Briskman Briskman & Greenberg has represented families throughout the Chicago area, including communities on the North Side, South Side, and in the suburbs along the I-290 and I-94 corridors. If your child was harmed at a daycare that failed to train its staff, call us at (312) 222-0010 to discuss your situation. Our office is located at 351 W. Hubbard Street, Suite 810, Chicago, IL 60654. There is no charge for an initial consultation, and we handle these cases on a contingency fee basis, meaning you pay no attorney’s fees unless we recover compensation for you. You may also have responsibility for case costs and expenses, which we will explain clearly when you speak with us.

FAQs About Failure to Train Staff on CPR and First Aid in Chicago

Does Illinois law require every daycare worker to be CPR and first aid certified?

Not every individual worker is required to hold certification, but Illinois DCFS Rules 407 require that at least one certified staff member be on duty at all times. That person must be certified in CPR, first aid, and the Heimlich maneuver, and the CPR certification must cover all age groups served by the facility. If a daycare fails to ensure a certified person is present during operating hours, it is in violation of its licensing requirements.

Can I sue a daycare if my child was hurt because a staff member did not know CPR?

Yes, you may have a valid negligence claim if your child suffered a serious injury that a trained staff member could have prevented or reduced. Illinois law allows families to hold daycare facilities accountable when a failure to train staff contributes to a child’s injury. The daycare’s failure to comply with DCFS training requirements is relevant evidence in that claim. Each case depends on its specific facts, and speaking with an attorney is the best way to evaluate your situation.

How do I find out if a Chicago daycare’s CPR certifications were up to date?

You can request the daycare’s staff training and certification records directly. You can also contact the Illinois DCFS to ask about the facility’s licensing history and any citations for training violations. DCFS conducts inspections and maintains records of violations, which are often accessible to the public. An attorney handling your case can also subpoena these records as part of the discovery process in a lawsuit.

What is the deadline to file a lawsuit for a daycare injury involving failure to train staff in Illinois?

For adult claims, the general personal injury statute of limitations under the Illinois Code of Civil Procedure (735 ILCS 5/13-202) is two years from the date of injury. For injured minors, 735 ILCS 5/13-211 generally tolls the limitations period until the child reaches age 18. However, waiting can result in lost evidence, faded memories, and other problems that weaken a case. If you believe your child was harmed due to a daycare’s training failure, contacting an attorney as soon as possible is strongly advisable.

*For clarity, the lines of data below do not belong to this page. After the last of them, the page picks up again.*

(* If $\lambda$ is weakly compact, then $\lambda$ satisfies the strong system property.
   Context: Let $\lambda$ be an infinite regular cardinal. A relation $R$ is tree-like if $a<_R c$ and $b<_R c$ imply $a,b$ are $R$-comparable ($a=b$, $a<_Rb$ or $b<_Ra$). A $\lambda$-system is $S=\langle\{\{\alpha\}\times\kappa_\alpha\mid\alpha\in I\},\mathcal{R}\rangle$ with $I\subseteq\lambda$ unbounded, $0<\kappa_\alpha<\lambda$, levels $S_\alpha=\{\alpha\}\times\kappa_\alpha$ (and $S$ also denotes their union), $\mathcal{R}$ a set of binary transitive tree-like relations on $S$ with $|\mathcal{R}|<\lambda$, such that $(\alpha_0,\beta_0)<_R(\alpha_1,\beta_1)$ implies $\alpha_0<\alpha_1$, and for all $\alpha_0<\alpha_1$ in $I$ some elements of $S_{\alpha_0}$, $S_{\alpha_1}$ are related by some $R\in\mathcal{R}$. It is strong if for all $\alpha_0<\alpha_1$ in $I$ and every $\beta_1<\kappa_{\alpha_1}$ there are $\beta_0<\kappa_{\alpha_0}$ and $R\in\mathcal{R}$ with $(\alpha_0,\beta_0)<_R(\alpha_1,\beta_1)$. $\langle I\times\kappa,\mathcal{R}\rangle$ denotes a system with all $\kappa_\alpha=\kappa$. A branch through $R$ is a set of pairwise $R$-comparable elements; it is cofinal if it meets $S_\alpha$ for unboundedly many $\alpha\in I$. $\lambda$ satisfies the strong system property if every strong $\lambda$-system $S=\langle I\times\kappa,\mathcal{R}\rangle$ with $|\mathcal{R}|^+<\lambda$ has a cofinal branch. *)

(* Ordinals below lambda are modelled as elements of a type L
   carrying a strict well-order [lt]; lambda itself is the order type of L. *)
From Stdlib Require Import Classical.

Set Implicit Arguments.

Definition seg {L : Type} (lt : L -> L -> Prop) (x : L) : Type := {y : L | lt y x}.

Definition inj_into (A B : Type) : Prop :=
  exists f : A -> B, forall a b, f a = f b -> a = b.

Definition le_of {L : Type} (lt : L -> L -> Prop) (x y : L) : Prop := lt x y \/ x = y.

Definition is_wellorder {L : Type} (lt : L -> L -> Prop) : Prop :=
  well_founded lt /\
  (forall x y z, lt x y -> lt y z -> lt x z) /\
  (forall x y, lt x y \/ x = y \/ lt y x).

Definition is_cardinal_type {L : Type} (lt : L -> L -> Prop) : Prop :=
  forall x : L, ~ inj_into L (seg lt x).

Definition is_cardinal_below {L : Type} (lt : L -> L -> Prop) (k : L) : Prop :=
  forall j, lt j k -> ~ inj_into (seg lt k) (seg lt j).

(* lambda is weakly compact: lambda is an uncountable cardinal and
   lambda -> (lambda)^2_2 *)
Definition weakly_compact {L : Type} (lt : L -> L -> Prop) : Prop :=
  is_wellorder lt /\ is_cardinal_type lt /\
  (exists x : L, inj_into nat (seg lt x)) /\
  (forall c : L -> L -> bool,
     exists (H : L -> Prop) (col : bool),
       inj_into L {x : L | H x} /\
       (forall x y, H x -> H y -> lt x y -> c x y = col)).

(* A strong lambda-system <I x kappa, R>, with R = { rel r | r < rho }.
   Elements of the system are pairs (alpha, beta) with I alpha and beta < kappa. *)
Section Systems.
Variables (L : Type) (lt : L -> L -> Prop).

Definition in_sys (I : L -> Prop) (kappa : L) (p : L * L) : Prop :=
  I (fst p) /\ lt (snd p) kappa.

Definition strong_system (I : L -> Prop) (kappa rho : L)
  (rel : seg lt rho -> L * L -> L * L -> Prop) : Prop :=
  (forall g, exists a, I a /\ le_of lt g a) /\
  (exists b, lt b kappa) /\ is_cardinal_below lt kappa /\
  (forall r p q s, in_sys I kappa p -> in_sys I kappa q -> in_sys I kappa s ->
     rel r p q -> rel r q s -> rel r p s) /\
  (forall r a b c, in_sys I kappa a -> in_sys I kappa b -> in_sys I kappa c ->
     rel r a c -> rel r b c -> a = b \/ rel r a b \/ rel r b a) /\
  (forall r p q, in_sys I kappa p -> in_sys I kappa q -> rel r p q ->
     lt (fst p) (fst q)) /\
  (forall a0 a1, I a0 -> I a1 -> lt a0 a1 ->
     exists b0 b1 r, lt b0 kappa /\ lt b1 kappa /\ rel r (a0, b0) (a1, b1)) /\
  (forall a0 a1 b1, I a0 -> I a1 -> lt a0 a1 -> lt b1 kappa ->
     exists b0 r, lt b0 kappa /\ rel r (a0, b0) (a1, b1)).

(* |R|^+ < lambda : some mu < lambda has cardinality > |rho| *)
Definition succ_card_below (rho : L) : Prop :=
  exists mu : L, ~ inj_into (seg lt mu) (seg lt rho).

Definition has_cofinal_branch (I : L -> Prop) (kappa rho : L)
  (rel : seg lt rho -> L * L -> L * L -> Prop) : Prop :=
  exists (r : seg lt rho) (br : L * L -> Prop),
    (forall p, br p -> in_sys I kappa p) /\
    (forall p q, br p -> br q -> p = q \/ rel r p q \/ rel r q p) /\
    (forall g, exists a b, le_of lt g a /\ br (a, b)).

End Systems.

Definition strong_system_property {L : Type} (lt : L -> L -> Prop) : Prop :=
  forall (I : L -> Prop) (kappa rho : L) (rel : seg lt rho -> L * L -> L * L -> Prop),
    @strong_system L lt I kappa rho rel -> @succ_card_below L lt rho ->
    @has_cofinal_branch L lt I kappa rho rel.

(* For a < x, strongness gives a label (b, r) with (a, b) <_r (x', b0), where x' >= x is
   a level of the system.  Comparing the label sequences of the points x lexicographically
   and applying lambda -> (lambda)^2_2 yields an unbounded set H on which these sequences
   are lexicographically monotone; since the labels range over a well-order of size
   < lambda and lambda is regular, each coordinate a is then eventually constant on H.
   By pigeonhole a single label (b, r) is the eventual label of unboundedly many levels a.
   Any two of the corresponding nodes (a, b) lie <_r-below a common node (x', b0), so
   tree-likeness makes them an r-branch, which is cofinal. *)

From Stdlib Require Import Classical ClassicalEpsilon Relation_Operators Wellfounded.

Set Implicit Arguments.
Unset Strict Implicit.

Lemma sig_eq {A : Type} (P : A -> Prop) (u v : {a | P a}) : proj1_sig u = proj1_sig v -> u = v.
Proof. apply eq_sig_hprop; intros; apply proof_irrelevance. Qed.

Lemma wf_irrefl {A : Type} {R : A -> A -> Prop} : well_founded R -> forall x, ~ R x x.
Proof. intros W x. induction (W x) as [x _ IH]. intros Hx. exact (IH x Hx Hx). Qed.

Lemma wf_asym {A : Type} {R : A -> A -> Prop} : well_founded R -> forall x y, R x y -> ~ R y x.
Proof.
  intros W x. induction (W x) as [x _ IH]. intros y Hxy Hyx. exact (IH y Hyx x Hyx Hxy).
Qed.

Lemma wf_exists_min {A : Type} {R : A -> A -> Prop} : well_founded R ->
  forall P : A -> Prop, (exists x, P x) -> exists m, P m /\ forall y, P y -> ~ R y m.
Proof.
  intros W P [x Px]. apply NNPP; intros Nmin. revert Px. induction (W x) as [x _ IH].
  intros Px. apply Nmin. exists x. split; [exact Px|]. intros y Py Ryx. exact (IH y Ryx Py).
Qed.

Definition trichotomous {A : Type} (R : A -> A -> Prop) : Prop :=
  forall x y, x = y \/ R x y \/ R y x.

Lemma trichotomous_slexprod {A B : Type} (RA : A -> A -> Prop) (RB : B -> B -> Prop) :
  trichotomous RA -> trichotomous RB -> trichotomous (slexprod A B RA RB).
Proof.
  intros TA TB [a b] [a' b'].
  destruct (TA a a') as [<-|[H|H]]; [|right; left; constructor; exact H
                                        |right; right; constructor; exact H].
  destruct (TB b b') as [<-|[H|H]]; [left; reflexivity| |];
    [right; left | right; right]; apply right_slex; exact H.
Qed.

Lemma inj_into_trans (A B C : Type) : inj_into A B -> inj_into B C -> inj_into A C.
Proof.
  intros [f Hf] [g Hg]. exists (fun a => g (f a)). intros a b E. apply Hf, Hg, E.
Qed.

(* Hilbert's hotel: move [e n] to [e (S n)] and put the new point at [e 0]. *)
Lemma inj_option_of_inj_nat (A : Type) : inj_into nat A -> inj_into (option A) A.
Proof.
  intros [e He].
  set (shift y := match excluded_middle_informative (exists n, y = e n) with
    | left p => e (S (proj1_sig (constructive_indefinite_description _ p)))
    | right _ => y end).
  assert (Hshift : forall y, (exists n, y = e n /\ shift y = e (S n)) \/
                             ((forall n, y <> e n) /\ shift y = y)).
  { intros y. unfold shift. destruct (excluded_middle_informative _) as [p|p].
    - destruct (constructive_indefinite_description _ p) as [n Hn]. left; eauto.
    - right. split; [|reflexivity]. intros n Hn. apply p; eauto. }
  exists (fun o => match o with None => e 0 | Some y => shift y end).
  intros [y|] [y'|] E.
  - f_equal. destruct (Hshift y) as [[n [-> Hy]]|[Ny Hy]];
      destruct (Hshift y') as [[n' [-> Hy']]|[Ny' Hy']]; rewrite Hy, Hy' in E.
    + apply He in E. injection E as ->. reflexivity.
    + exfalso. exact (Ny' _ (eq_sym E)).
    + exfalso. exact (Ny _ E).
    + exact E.
  - exfalso. destruct (Hshift y) as [[n [_ Hy]]|[Ny Hy]]; rewrite Hy in E.
    + apply He in E. discriminate E.
    + exact (Ny 0 E).
  - exfalso. destruct (Hshift y') as [[n [_ Hy']]|[Ny' Hy']]; rewrite Hy' in E.
    + apply He in E. discriminate E.
    + exact (Ny' 0 (eq_sym E)).
  - reflexivity.
Qed.

Definition asbool (P : Prop) : bool :=
  if excluded_middle_informative P then true else false.

Lemma asbool_true (P : Prop) : asbool P = true <-> P.
Proof. unfold asbool. destruct (excluded_middle_informative P); split; congruence. Qed.

Section WellOrder.
Variables (L : Type) (lt : L -> L -> Prop).
Hypothesis WO : is_wellorder lt.

Lemma lt_wf : well_founded lt.
Proof. exact (proj1 WO). Qed.

Lemma lt_trans x y z : lt x y -> lt y z -> lt x z.
Proof. exact (proj1 (proj2 WO) x y z). Qed.

Lemma lt_trichotomy x y : lt x y \/ x = y \/ lt y x.
Proof. exact (proj2 (proj2 WO) x y). Qed.

Lemma le_lt_trans x y z : le_of lt x y -> lt y z -> lt x z.
Proof. intros [H| <-] H'; [exact (lt_trans H H') | exact H']. Qed.

Lemma lt_le_trans x y z : lt x y -> le_of lt y z -> lt x z.
Proof. intros H [H'| <-]; [exact (lt_trans H H') | exact H]. Qed.

Lemma not_lt_le x y : ~ lt x y -> le_of lt y x.
Proof. intros N. destruct (lt_trichotomy x y) as [H|[<-|H]]; [tauto | right | left]; auto. Qed.

Lemma exists_above2 a b : exists m, forall x, lt m x -> lt a x /\ lt b x.
Proof.
  destruct (lt_trichotomy a b) as [H|[<-|H]].
  - exists b. intros x Hx. split; [exact (lt_trans H Hx) | exact Hx].
  - exists a. tauto.
  - exists a. intros x Hx. split; [exact Hx | exact (lt_trans H Hx)].
Qed.

Definition no_greatest : Prop := forall x, exists y, lt x y.

Definition unbounded (H : L -> Prop) : Prop := forall g, exists a, H a /\ lt g a.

What damages can a family recover in a daycare CPR training failure case?

Illinois law allows families to seek compensation for a range of damages, including past and future medical expenses, rehabilitation costs, pain and suffering, emotional distress, and in cases of catastrophic injury, loss of future earning capacity. If a child dies as a result of the daycare’s negligence, the family may also pursue a wrongful death claim under the Illinois Wrongful Death Act (740 ILCS 180). The value of any case depends on the severity of the injury, the strength of the evidence, and other case-specific factors. No attorney can guarantee a specific outcome.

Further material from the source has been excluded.